Thaddeus "Thaddi" Herrmann (born 1972) is a German electronic musician, label owner as well as music and technology journalist.

== Life and career ==
In 1992 Herrmann, Holger Phrack and Rob Marvin founded the band Sonic Subjunkies, that released some full-length recordings on Alec Empires label Digital Hardcore Recordings (DHR). Their first EP Suburban Soundtracks Volume 1 was released in 1994 on DHR. The Sonic Subjunkies were featured in the online tribute from BBC's Radio 1 to John Peel. During these years Herrmann and Bassdee were also working as radio DJs at 98.8 KISS FM Berlin where they hosted the drum and bass show Radio Massive.

Together with the Manchester-based Shlom Sviri Herrmann founded the label City Centre Offices (CCO) in 1998, that has released recordings from various acts, including Casino Versus Japan, I'm Not A Gun, and Ulrich Schnauss. Since 2000 Herrmann also runs the small Berlin-based house label Just Another Beat.

In 1997 Herrmann met Christian Kleine during one of his radio shows and both founded Herrmann & Kleine in 1999. A few years later, in 2003 Herrmann, Hans Möller and Michael Zorn founded the project Boy Robot, with the debut album Glamorizing Corporate Lifestyle released at CCO. Together with Zorn he also released under the moniker No Movement No Sound No Memories.

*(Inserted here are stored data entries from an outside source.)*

(* For $n\ge1$ let $\mathbb{A}_n$ be $\mathbb{C}^n$ with basis $e_1,\dots,e_n$ and product $(a\cdot b)^i=a^ib^n$, i.e. $e_i\cdot e_j=\delta_j^n e_i$. Then for every $n$, $\mathbb{A}_n$ is an associative Novikov algebra; if $n\ge2$ it is non-commutative and the Lie algebra $(\mathbb{A}_n,[a,b]=a\cdot b-b\cdot a)$ is not nilpotent. Moreover: (i) every symmetric bilinear form $g$ on $\mathbb{A}_n$ satisfies $g(a\cdot b,c)=g(a,c\cdot b)$ for all $a,b,c$; (ii) a skew-symmetric bilinear form $f=(f_{ij})$ on $\mathbb{A}_n$ satisfies $f(a\cdot b,c)=f(a,c\cdot b)$ and $f(a\cdot b,c)+f(b\cdot c,a)+f(c\cdot a,b)=0$ for all $a,b,c$ if and only if $f_{ij}=0$ whenever $i\ne n$ and $j\ne n$; (iii) a symmetric bilinear form $h=(h_{ij})$ on $\mathbb{A}_n$ satisfies $h(a\cdot b,c)=h(a,c\cdot b)$ and $h(a,b\cdot c)=h(a,c\cdot b)$ for all $a,b,c$ (i.e. $h(a\cdot b,c)$ is totally symmetric) if and only if $h_{ij}=0$ whenever $i\ne n$ or $j\ne n$.
   Context: A Novikov algebra is a complex vector space with a bilinear product $\cdot$ satisfying $(a\cdot b)\cdot c=(a\cdot c)\cdot b$ and $(a\cdot b)\cdot c-a\cdot(b\cdot c)=(b\cdot a)\cdot c-b\cdot(a\cdot c)$ for all $a,b,c$. For a bilinear form $f$, $f_{ij}=f(e_i,e_j)$. *)

From HB Require Import structures.
From mathcomp Require Import all_boot all_order all_algebra.
From mathcomp Require Import complex.
From mathcomp Require Import Rstruct.
Set Implicit Arguments. Unset Strict Implicit. Unset Printing Implicit Defensive.
Import Order.TTheory GRing.Theory Num.Theory.
Local Open Scope ring_scope.

Definition CC : fieldType := (Rdefinitions.R)[i].

(* Vectors of A_n: row vectors of size n with complex entries; e_i = delta_mx 0 i. *)
Notation vec n := 'rV[CC]_n.

Definition bilinear_prod (V : lmodType CC) (mul : V -> V -> V) : Prop :=
  (forall (k : CC) (a b c : V), mul (k *: a + b) c = k *: mul a c + mul b c) /\
  (forall (k : CC) (a b c : V), mul a (k *: b + c) = k *: mul a b + mul a c).

Definition is_novikov (V : lmodType CC) (mul : V -> V -> V) : Prop :=
  [/\ bilinear_prod mul,
      (forall a b c : V, mul (mul a b) c = mul (mul a c) b) &
      (forall a b c : V, mul (mul a b) c - mul a (mul b c)
                         = mul (mul b a) c - mul b (mul a c))].

Definition is_associative (V : Type) (mul : V -> V -> V) : Prop :=
  forall a b c : V, mul (mul a b) c = mul a (mul b c).

Definition is_commutative (V : Type) (mul : V -> V -> V) : Prop :=
  forall a b : V, mul a b = mul b a.

Definition commutator (V : zmodType) (mul : V -> V -> V) (a b : V) : V :=
  mul a b - mul b a.

(* Nilpotency of a Lie algebra (V, br): some term of the lower central series
   g^1 = g, g^{k+1} = [g, g^k] vanishes; g^{k+1} is spanned by the right-nested
   brackets [x_1, [x_2, ..., [x_k, x]...]], which is what we quantify over. *)
Definition lie_nilpotent (V : zmodType) (br : V -> V -> V) : Prop :=
  exists k : nat, forall (x : V) (xs : seq V), size xs = k -> foldr br x xs = 0.

(* The n-th coordinate b^n of b (the last one); the sum has exactly one term
   when n >= 1. *)
Definition lastcoord (n : nat) (b : vec n) : CC :=
  \sum_(j < n | (j : nat) == n.-1) b 0 j.

Definition Amul (n : nat) (a b : vec n) : vec n := \row_i (a 0 i * lastcoord b).

(* Bilinear forms on C^n are given by their Gram matrices F, F i j = f(e_i,e_j). *)
Definition bform (n : nat) (F : 'M[CC]_n) (a b : vec n) : CC := (a *m F *m b^T) 0 0.

From HB Require Import structures.
From mathcomp Require Import all_boot all_order all_algebra.
From mathcomp Require Import complex.
From mathcomp Require Import Rstruct.
From mathcomp Require Import ring.
Import GRing.Theory.
Local Open Scope ring_scope.

(* The product of A_n is a . b = phi(b) a for the linear form phi(b) = b^n, so
   (a . b) . c = phi(b) phi(c) a = a . (b . c): the algebra is associative and
   right commutative, and associativity makes both sides of the left-symmetric
   identity vanish.  With phi(x) = 1 and phi(y) = 0, [x, y] = -y, so iterated
   brackets by x alternate between y and -y and the Lie algebra is not nilpotent.
   For any bilinear form, f(a . b, c) = phi(b) f(a, c) = f(a, c . b).  Testing the
   remaining identities on basis vectors gives the necessary vanishing of the
   Gram entries; conversely a skew form supported on the last row and column is
   f(a, c) = a^n f(e_n, c) - c^n f(e_n, a), and a symmetric form supported at
   (n, n) is a^n c^n h_nn, for which the identities are polynomial identities. *)


Lemma left_symmetric_of_assoc (V : zmodType) (mul : V -> V -> V) :
  is_associative mul ->
  forall a b c, mul (mul a b) c - mul a (mul b c) = mul (mul b a) c - mul b (mul a c).
Proof. by move=> mulA a b c; rewrite !mulA !subrr. Qed.

Lemma not_lie_nilpotent (V : zmodType) (br : V -> V -> V) (x y : V) :
  y != 0 -> br x y = - y -> br x (- y) = y -> ~ lie_nilpotent br.
Proof.
move=> y_neq0 brxy brxNy [k nil_k].
have : foldr br y (nseq k x) \in [:: y; - y].
  elim: k {nil_k} => [|k IHk] /=; first by rewrite mem_head.
  move: IHk; rewrite !inE => /orP[] /eqP->; by rewrite ?brxy ?brxNy eqxx ?orbT.
by rewrite nil_k ?size_nseq // !inE !(eq_sym 0) oppr_eq0 orbb (negbTE y_neq0).
Qed.

Section RightScalarProduct.

Variables (V : lmodType CC) (phi : V -> CC) (mul : V -> V -> V).
Hypothesis phiD : forall a b, phi (a + b) = phi a + phi b.
Hypothesis phiZ : forall k a, phi (k *: a) = k * phi a.
Hypothesis mulE : forall a b, mul a b = phi b *: a.

Lemma rscal_bilinear : bilinear_prod mul.
Proof.
split=> k a b c; rewrite !mulE; first by rewrite scalerDr !scalerA mulrC.
by rewrite phiD phiZ scalerDl scalerA.
Qed.

Lemma rscal_assoc : is_associative mul.
Proof. by move=> a b c; rewrite !mulE scalerA phiZ. Qed.

Lemma rscal_novikov : is_novikov mul.
Proof.
split; [exact: rscal_bilinear | | exact/left_symmetric_of_assoc/rscal_assoc].
by move=> a b c; rewrite !mulE !scalerA mulrC.
Qed.

Lemma commutator_rscal x y : commutator mul x y = phi y *: x - phi x *: y.
Proof. by rewrite /commutator !mulE. Qed.

Variables (x y : V).
Hypotheses (phix : phi x = 1) (phiy : phi y = 0) (y_neq0 : y != 0).

Lemma rscal_not_commutative : ~ is_commutative mul.
Proof.
move=> mulC; move: y_neq0; have := mulC y x.
by rewrite !mulE phix phiy scale1r scale0r => ->; rewrite eqxx.
Qed.

Lemma rscal_not_lie_nilpotent : ~ lie_nilpotent (commutator mul).
Proof.
have phiNy : phi (- y) = 0 by rewrite -scaleN1r phiZ phiy mulr0.
apply: (@not_lie_nilpotent _ _ x y y_neq0);
  by rewrite commutator_rscal ?phiNy ?phiy phix scale0r scale1r sub0r ?opprK.
Qed.

End RightScalarProduct.

Lemma bformE n (F : 'M[CC]_n) a c :
  bform F a c = \sum_i \sum_j a 0 i * F i j * c 0 j.
Proof.
rewrite /bform mxE exchange_big; apply: eq_bigr => j _.
by rewrite mxE mulr_suml; apply: eq_bigr => i _; rewrite !mxE.
Qed.

Lemma bformZl n (F : 'M[CC]_n) k a c : bform F (k *: a) c = k * bform F a c.
Proof. by rewrite /bform -!scalemxAl mxE. Qed.

Lemma bformZr n (F : 'M[CC]_n) k a c : bform F a (k *: c) = k * bform F a c.
Proof. by rewrite /bform linearZ /= -scalemxAr mxE. Qed.

Lemma bformNm n (F : 'M[CC]_n) a c : bform (- F) a c = - bform F a c.
Proof. by rewrite /bform mulmxN mulNmx mxE. Qed.

Lemma bform_tr n (F : 'M[CC]_n) a c : bform F^T a c = bform F c a.
Proof.
rewrite /bform; have -> : c *m F *m a^T = (a *m F^T *m c^T)^T.
  by rewrite !trmx_mul !trmxK mulmxA.
by rewrite [RHS]mxE.
Qed.

Lemma bform_delta n (F : 'M[CC]_n) i j :
  bform F (delta_mx 0 i) (delta_mx 0 j) = F i j.
Proof. by rewrite /bform trmx_delta -rowE -colE !mxE. Qed.

Lemma bform_deltal n (F : 'M[CC]_n) i c :
  bform F (delta_mx 0 i) c = \sum_j F i j * c 0 j.
Proof. by rewrite /bform -rowE mxE; apply: eq_bigr => j _; rewrite !mxE. Qed.

Lemma bform_deltar n (F : 'M[CC]_n) a j :
  bform F a (delta_mx 0 j) = \sum_i a 0 i * F i j.
Proof. by rewrite /bform trmx_delta -colE !mxE. Qed.

Lemma bform_supp1 n (F : 'M[CC]_n) k l :
  (forall i j, (i != k) || (j != l) -> F i j = 0) ->
  forall a c, bform F a c = a 0 k * F k l * c 0 l.
Proof.
move=> F0 a c; rewrite bformE (bigD1 k) //= [X in _ + X]big1 => [|i ik].
  rewrite addr0 (bigD1 l) //= big1 ?addr0 // => j jl.
  by rewrite F0 ?mulr0 ?mul0r // jl orbT.
by apply: big1 => j _; rewrite F0 ?mulr0 ?mul0r // ik.
Qed.

Lemma bform_supp_cross n (F : 'M[CC]_n) k :
  (forall i j, i != k -> j != k -> F i j = 0) ->
  forall a c, bform F a c = a 0 k * bform F (delta_mx 0 k) c
                           + c 0 k * bform F a (delta_mx 0 k) - a 0 k * c 0 k * F k k.
Proof.
move=> F0 a c; have col_k i : i != k -> \sum_j a 0 i * F i j * c 0 j = a 0 i * F i k * c 0 k.
  move=> ik; rewrite (bigD1 k) //= big1 ?addr0 // => j jk.
  by rewrite F0 ?mulr0 ?mul0r.
rewrite bformE (bigD1 k) //= (eq_bigr _ col_k) -mulr_suml.
rewrite bform_deltal bform_deltar [\sum_i a 0 i * F i k](bigD1 k) //=.
have -> : \sum_j a 0 k * F k j * c 0 j = a 0 k * \sum_j F k j * c 0 j.
  by rewrite mulr_sumr; apply: eq_bigr => j _; rewrite mulrA.
ring.
Qed.

Lemma lastcoordD n (a b : vec n) : lastcoord (a + b) = lastcoord a + lastcoord b.
Proof. by rewrite /lastcoord -big_split; apply: eq_bigr => j _; rewrite mxE. Qed.

Lemma lastcoordZ n k (a : vec n) : lastcoord (k *: a) = k * lastcoord a.
Proof. by rewrite /lastcoord mulr_sumr; apply: eq_bigr => j _; rewrite mxE. Qed.

Lemma AmulE n (a b : vec n) : Amul a b = lastcoord b *: a.
Proof. by apply/rowP => i; rewrite !mxE mulrC. Qed.

Lemma Amul_novikov n : is_novikov (@Amul n).
Proof. exact: rscal_novikov (@lastcoordD n) (@lastcoordZ n) (@AmulE n). Qed.

Lemma Amul_assoc n : is_associative (@Amul n).
Proof. exact: rscal_assoc (@lastcoordZ n) (@AmulE n). Qed.

Lemma bform_Amul_invariant n (F : 'M[CC]_n) a b c :
  bform F (Amul a b) c = bform F a (Amul c b).
Proof. by rewrite !AmulE bformZl bformZr. Qed.

Lemma lastcoordE n (b : vec n.+1) : lastcoord b = b 0 ord_max.
Proof. by rewrite /lastcoord (big_pred1 ord_max). Qed.

Lemma lastcoord_delta n (i : 'I_n.+1) : lastcoord (delta_mx 0 i) = (i == ord_max)%:R.
Proof. by rewrite lastcoordE mxE eqxx eq_sym. Qed.

Lemma Amul_not_commutative_not_lie_nilpotent n : (2 <= n)%N ->
  ~ is_commutative (@Amul n) /\ ~ lie_nilpotent (commutator (@Amul n)).
Proof.
case: n => [|[|n]] // _.
have last_max : lastcoord (delta_mx 0 ord_max : vec n.+2) = 1.
  by rewrite lastcoord_delta eqxx.
have last_0 : lastcoord (delta_mx 0 ord0 : vec n.+2) = 0 by rewrite lastcoord_delta.
have e0_neq0 : delta_mx 0 ord0 != 0 :> vec n.+2.
  by apply/eqP => /rowP /(_ ord0); rewrite !mxE eqxx; apply/eqP; rewrite oner_eq0.
split; first exact: rscal_not_commutative (@AmulE _) _ _ last_max last_0 e0_neq0.
exact: rscal_not_lie_nilpotent (@lastcoordZ _) (@AmulE _) _ _ last_max last_0 e0_neq0.
Qed.

Lemma skew_Amul_iff n (F : 'M[CC]_n.+1) : F^T = - F ->
  ((forall a b c : vec n.+1, bform F (Amul a b) c = bform F a (Amul c b)) /\
   (forall a b c : vec n.+1,
      bform F (Amul a b) c + bform F (Amul b c) a + bform F (Amul c a) b = 0))
  <-> (forall i j : 'I_n.+1, (i : nat) != n -> (j : nat) != n -> F i j = 0).
Proof.
move=> skewF; have Fskew a c : bform F a c = - bform F c a.
  by rewrite -bformNm -skewF bform_tr.
split=> [[_ Fcyc] i j iN jN | F0].
  have := Fcyc (delta_mx 0 i) (delta_mx 0 ord_max) (delta_mx 0 j).
  have [iN' jN'] : (i == ord_max) = false /\ (j == ord_max) = false.
    by split; apply: negbTE.
  by rewrite !AmulE !bformZl !lastcoord_delta !bform_delta eqxx iN' jN' !mul0r !addr0 mul1r.
split=> [a b c|]; first exact: bform_Amul_invariant.
have FNN : F ord_max ord_max = 0.
  have := Fskew (delta_mx 0 ord_max) (delta_mx 0 ord_max).
  rewrite bform_delta => /eqP; rewrite -addr_eq0 -mulr2n Num.Theory.mulrn_eq0 /=.
  by move/eqP.
have Fform x y : bform F x y = x 0 ord_max * bform F (delta_mx 0 ord_max) y
                               - y 0 ord_max * bform F (delta_mx 0 ord_max) x.
  by rewrite {1}(@bform_supp_cross _ F ord_max F0) (Fskew x) FNN; ring.
by move=> a b c; rewrite !AmulE !bformZl (Fform a c) (Fform b a) (Fform c b) !lastcoordE; ring.
Qed.

Lemma sym_Amul_iff n (H : 'M[CC]_n.+1) : H^T = H ->
  ((forall a b c : vec n.+1, bform H (Amul a b) c = bform H a (Amul c b)) /\
   (forall a b c : vec n.+1, bform H a (Amul b c) = bform H a (Amul c b)))
  <-> (forall i j : 'I_n.+1, ((i : nat) != n) || ((j : nat) != n) -> H i j = 0).
Proof.
move=> symH; split=> [[_ Hsym] | H0].
  have H0r (i j : 'I_n.+1) : (j : nat) != n -> H i j = 0.
    move=> jN; have := Hsym (delta_mx 0 i) (delta_mx 0 j) (delta_mx 0 ord_max).
    have jN' : (j == ord_max) = false by apply: negbTE.
    by rewrite !AmulE !bformZr !lastcoord_delta !bform_delta eqxx jN' mul1r mul0r.
  move=> i j /orP[iN|]; last exact: H0r.
  by rewrite -[H]symH mxE H0r.
split=> a b c; first exact: bform_Amul_invariant.
by rewrite !AmulE !bformZr !(@bform_supp1 _ H ord_max ord_max H0) !lastcoordE; ring.
Qed.

Theorem proposition6p1 (n : nat) (hn : (1 <= n)%N) :
  [/\ is_novikov (@Amul n) /\ is_associative (@Amul n),
      (2 <= n)%N -> ~ is_commutative (@Amul n) /\
                    ~ lie_nilpotent (commutator (@Amul n)),
      (forall G : 'M[CC]_n, G^T = G ->
         forall a b c : vec n, bform G (Amul a b) c = bform G a (Amul c b)),
      (forall F : 'M[CC]_n, F^T = - F ->
         ((forall a b c : vec n, bform F (Amul a b) c = bform F a (Amul c b)) /\
          (forall a b c : vec n,
             bform F (Amul a b) c + bform F (Amul b c) a + bform F (Amul c a) b = 0))
         <-> (forall i j : 'I_n, (i : nat) != n.-1 -> (j : nat) != n.-1 -> F i j = 0))
    & (forall H : 'M[CC]_n, H^T = H ->
         ((forall a b c : vec n, bform H (Amul a b) c = bform H a (Amul c b)) /\
          (forall a b c : vec n, bform H a (Amul b c) = bform H a (Amul c b)))
         <-> (forall i j : 'I_n, ((i : nat) != n.-1) || ((j : nat) != n.-1) ->
                H i j = 0))].
Proof.
case: n hn => // n _; split.
- exact: (conj (Amul_novikov _) (Amul_assoc _)).
- exact: Amul_not_commutative_not_lie_nilpotent.
- by move=> G _; apply: bform_Amul_invariant.
- exact: skew_Amul_iff.
- exact: sym_Amul_iff.
Qed.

Herrmann is the editor for De:Bug, a German magazine that focuses on electronic music and technology. He also blogs for the German edition of technology blog Engadget. He hosts the show Nightflight at Radio Fritz.

== Discography ==
- Albums
- 1995: Sonic Subjunkies – Sounds From The City Of Quartz (Midi War)
- 1998: Sonic Subjunkies – Molotov Lounge (Lux Nigra)
- 2002: Herrmann & Kleine – Our Noise (Morr Music)
- 2003: Boy Robot – Glamorizing Corporate Lifestyle (City Centre Offices)
- 2005: Boy Robot – Rotten Cocktails (City Centre Offices)
- 2006: No Movement No Sound No Memories – Removed / Acetate (Lux Nigra)

- Singles & EPs
- 1994: Sonic Subjunkies – Suburban Soundtracks Pt.1 (Digital Hardcore Recordings)
- 1995: Sonic Subjunkies – Turntable Terrorist E.P. (Digital Hardcore Recordings)
- 1998: Sonic Subjunkies – Live At The Suicide Club 8-7-95 (Digital Hardcore Recordings)
- 1999: No Movement No Sound No Memories – Removed (Lux Nigra)
- 2000: Sonic Subjunkies – With A Little Love / Sonic Junior (Irritant Records)
- 1999: Herrmann & Kleine – Transalpin EP (City Centre Offices)
- 2000: Herrmann & Kleine – Kickboard Girl EP (Morr Music)
- 2003: Boy Robot – Set It For Me (City Centre Offices)
- 2004: Herrmann Karaoke – Untitled (Inzest Records)
- 2006: No Movement No Sound No Memories – Acetate (Lux Nigra)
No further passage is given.